Extracted information ▸
Lemma divisor_int_dsum X (HX : is_submod X) (D : lmodType R) : divisor D (submod_of HX) ->
  exists C X' (HC : is_submod C),
    [/\ is_submod X', int_dsum X' C X & mod_iso D (submod_of HC)].
Proof.
case=> N /mod_iso_sym[g [Hg [h gK hK]]].
have HgX : is_lin (val \o g) by move=> a x y; rewrite /= Hg.
have HiD := is_lin_comp (@is_lin_pairl _ D N) HgX.
have HiN := is_lin_comp (@is_lin_pairr _ D N) HgX.
set iD := _ \o _ in HiD; set iN := _ \o _ in HiN.
have iD0 d : iD d = 0 -> d = 0.
  move=> e; have /(can_inj gK)/(congr1 fst) // : g (d, 0) = g 0.
  by apply: val_inj; rewrite (is_lin0 Hg); exact: e.
exists (lin_image iD predT), (lin_image iN predT), (is_submod_image HiD (submodT D)).
split; [exact: is_submod_image HiN (submodT N) | | exact: image_iso HiD iD0].
split=> [_ /lin_imageP[n _ <-] /lin_imageP[d _ /val_inj /(can_inj gK) e] | m].
  by move/(congr1 snd): e => /= <-; rewrite (is_lin0 HiN).
split=> [hm | [_ [_ [/lin_imageP[n _ <-] /lin_imageP[d _ <-] ->]]]]; last first.
  by apply: (submodD HX); apply: valP.
pose u := h (in_submod HX hm).
exists (iN u.2), (iD u.1); rewrite !mem_lin_image //; split=> //.
have e : (0, u.2) + (u.1, 0) = u :> (D * N)%type.
  by apply: injective_projections; rewrite /= ?add0r ?addr0.
by rewrite /iN /iD /= -[RHS]/(val (g (0, u.2) + g (u.1, 0))) -(is_linD Hg) e hK.
Qed.

Lemma pred_image_submod (g : M -> M) X Y :
  is_lin g -> is_submod X -> pred_image g X Y -> is_submod Y.
Proof.
move=> Hg [X0 HX] gXY; split; first by apply/gXY; exists 0; rewrite ?(is_lin0 Hg).
by move=> a _ _ /gXY[x hx <-] /gXY[y hy <-]; apply/gXY; exists (a *: x + y); rewrite ?HX ?Hg.
Qed.

Lemma pred_image_iso (g : M -> M) X Y (HX : is_submod X) (HY : is_submod Y) :
  is_lin g -> injective g -> pred_image g X Y -> mod_iso (submod_of HX) (submod_of HY).
Proof.
move=> Hg ginj gXY.
have gY (x : submod_of HX) : g (val x) \in Y by apply/gXY; exists (val x) => //; exact: valP.
apply: (mod_iso_lin (f := fun x => in_submod HY (gY x))).
- by move=> a x y; apply: val_inj; rewrite /= Hg.
- by move=> x /(congr1 val) /=; rewrite -(is_lin0 Hg) => /ginj x0; apply: val_inj.
- by move=> y; have /gXY[x hx e] := valP y; exists (in_submod HX hx); apply: val_inj.
Qed.

Lemma retract_divisor X Y (HX : is_submod X) (HY : is_submod Y) (r s : M -> M) :
  is_lin r -> is_lin s -> {in X, forall x, r x \in Y} ->
  {in X, forall x, s (r x) = 0 -> x = 0} ->
  {in Y, forall y, exists2 x, x \in X & s (r x) = s y} ->
  divisor (submod_of HX) (submod_of HY).
Proof.
move=> Hr Hs rY sr0 srY; have HK := is_submod_ker Hs HY.
exists (submod_of HK); apply: mod_iso_sym.
have rkY (u : (submod_of HX * submod_of HK)%type) : r (val u.1) + val u.2 \in Y.
  by have /andP[hk _] := valP u.2; rewrite submodD ?rY //; exact: valP.
apply: (mod_iso_lin (f := fun u => in_submod HY (rkY u))).
- by move=> a u v; apply: val_inj; rewrite /= Hr scalerDr addrACA.
- move=> [[x hx] [k hk]] /(congr1 val) /= e.
  have /andP[_ /eqP sk] : (k \in Y) && (s k == 0) := hk.
  have x0 : x = 0 by apply: sr0; rewrite // -[LHS]addr0 -sk -(is_linD Hs) e (is_lin0 Hs).
  have k0 : k = 0 by move: e; rewrite x0 (is_lin0 Hr) add0r.
  by congr (_, _); apply: val_inj; rewrite /= ?x0 ?k0.
- move=> y; have [x hx sry] := srY _ (valP y).
  have hk : val y - r x \in ker_in s Y.
    by rewrite inE submodB ?rY //=; [rewrite (is_linB Hs) sry subrr | exact: valP].
  by exists (in_submod HX hx, in_submod HK hk); apply: val_inj; rewrite /= addrC subrK.
Qed.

Instructions for the task ▸ Set down the material above in full, keeping each line exactly as it is.

Problem solution ▸
Lemma divisor_int_dsum X (HX : is_submod X) (D : lmodType R) : divisor D (submod_of HX) ->
  exists C X' (HC : is_submod C),
    [/\ is_submod X', int_dsum X' C X & mod_iso D (submod_of HC)].
Proof.
case=> N /mod_iso_sym[g [Hg [h gK hK]]].
have HgX : is_lin (val \o g) by move=> a x y; rewrite /= Hg.
have HiD := is_lin_comp (@is_lin_pairl _ D N) HgX.
have HiN := is_lin_comp (@is_lin_pairr _ D N) HgX.
set iD := _ \o _ in HiD; set iN := _ \o _ in HiN.
have iD0 d : iD d = 0 -> d = 0.
  move=> e; have /(can_inj gK)/(congr1 fst) // : g (d, 0) = g 0.
  by apply: val_inj; rewrite (is_lin0 Hg); exact: e.
exists (lin_image iD predT), (lin_image iN predT), (is_submod_image HiD (submodT D)).
split; [exact: is_submod_image HiN (submodT N) | | exact: image_iso HiD iD0].
split=> [_ /lin_imageP[n _ <-] /lin_imageP[d _ /val_inj /(can_inj gK) e] | m].
  by move/(congr1 snd): e => /= <-; rewrite (is_lin0 HiN).
split=> [hm | [_ [_ [/lin_imageP[n _ <-] /lin_imageP[d _ <-] ->]]]]; last first.
  by apply: (submodD HX); apply: valP.
pose u := h (in_submod HX hm).
exists (iN u.2), (iD u.1); rewrite !mem_lin_image //; split=> //.
have e : (0, u.2) + (u.1, 0) = u :> (D * N)%type.
  by apply: injective_projections; rewrite /= ?add0r ?addr0.
by rewrite /iN /iD /= -[RHS]/(val (g (0, u.2) + g (u.1, 0))) -(is_linD Hg) e hK.
Qed.

Lemma pred_image_submod (g : M -> M) X Y :
  is_lin g -> is_submod X -> pred_image g X Y -> is_submod Y.
Proof.
move=> Hg [X0 HX] gXY; split; first by apply/gXY; exists 0; rewrite ?(is_lin0 Hg).
by move=> a _ _ /gXY[x hx <-] /gXY[y hy <-]; apply/gXY; exists (a *: x + y); rewrite ?HX ?Hg.
Qed.

Lemma pred_image_iso (g : M -> M) X Y (HX : is_submod X) (HY : is_submod Y) :
  is_lin g -> injective g -> pred_image g X Y -> mod_iso (submod_of HX) (submod_of HY).
Proof.
move=> Hg ginj gXY.
have gY (x : submod_of HX) : g (val x) \in Y by apply/gXY; exists (val x) => //; exact: valP.
apply: (mod_iso_lin (f := fun x => in_submod HY (gY x))).
- by move=> a x y; apply: val_inj; rewrite /= Hg.
- by move=> x /(congr1 val) /=; rewrite -(is_lin0 Hg) => /ginj x0; apply: val_inj.
- by move=> y; have /gXY[x hx e] := valP y; exists (in_submod HX hx); apply: val_inj.
Qed.

Lemma retract_divisor X Y (HX : is_submod X) (HY : is_submod Y) (r s : M -> M) :
  is_lin r -> is_lin s -> {in X, forall x, r x \in Y} ->
  {in X, forall x, s (r x) = 0 -> x = 0} ->
  {in Y, forall y, exists2 x, x \in X & s (r x) = s y} ->
  divisor (submod_of HX) (submod_of HY).
Proof.
move=> Hr Hs rY sr0 srY; have HK := is_submod_ker Hs HY.
exists (submod_of HK); apply: mod_iso_sym.
have rkY (u : (submod_of HX * submod_of HK)%type) : r (val u.1) + val u.2 \in Y.
  by have /andP[hk _] := valP u.2; rewrite submodD ?rY //; exact: valP.
apply: (mod_iso_lin (f := fun u => in_submod HY (rkY u))).
- by move=> a u v; apply: val_inj; rewrite /= Hr scalerDr addrACA.
- move=> [[x hx] [k hk]] /(congr1 val) /= e.
  have /andP[_ /eqP sk] : (k \in Y) && (s k == 0) := hk.
  have x0 : x = 0 by apply: sr0; rewrite // -[LHS]addr0 -sk -(is_linD Hs) e (is_lin0 Hs).
  have k0 : k = 0 by move: e; rewrite x0 (is_lin0 Hr) add0r.
  by congr (_, _); apply: val_inj; rewrite /= ?x0 ?k0.
- move=> y; have [x hx sry] := srY _ (valP y).
  have hk : val y - r x \in ker_in s Y.
    by rewrite inE submodB ?rY //=; [rewrite (is_linB Hs) sry subrr | exact: valP].
  by exists (in_submod HX hx, in_submod HK hk); apply: val_inj; rewrite /= addrC subrK.
Qed.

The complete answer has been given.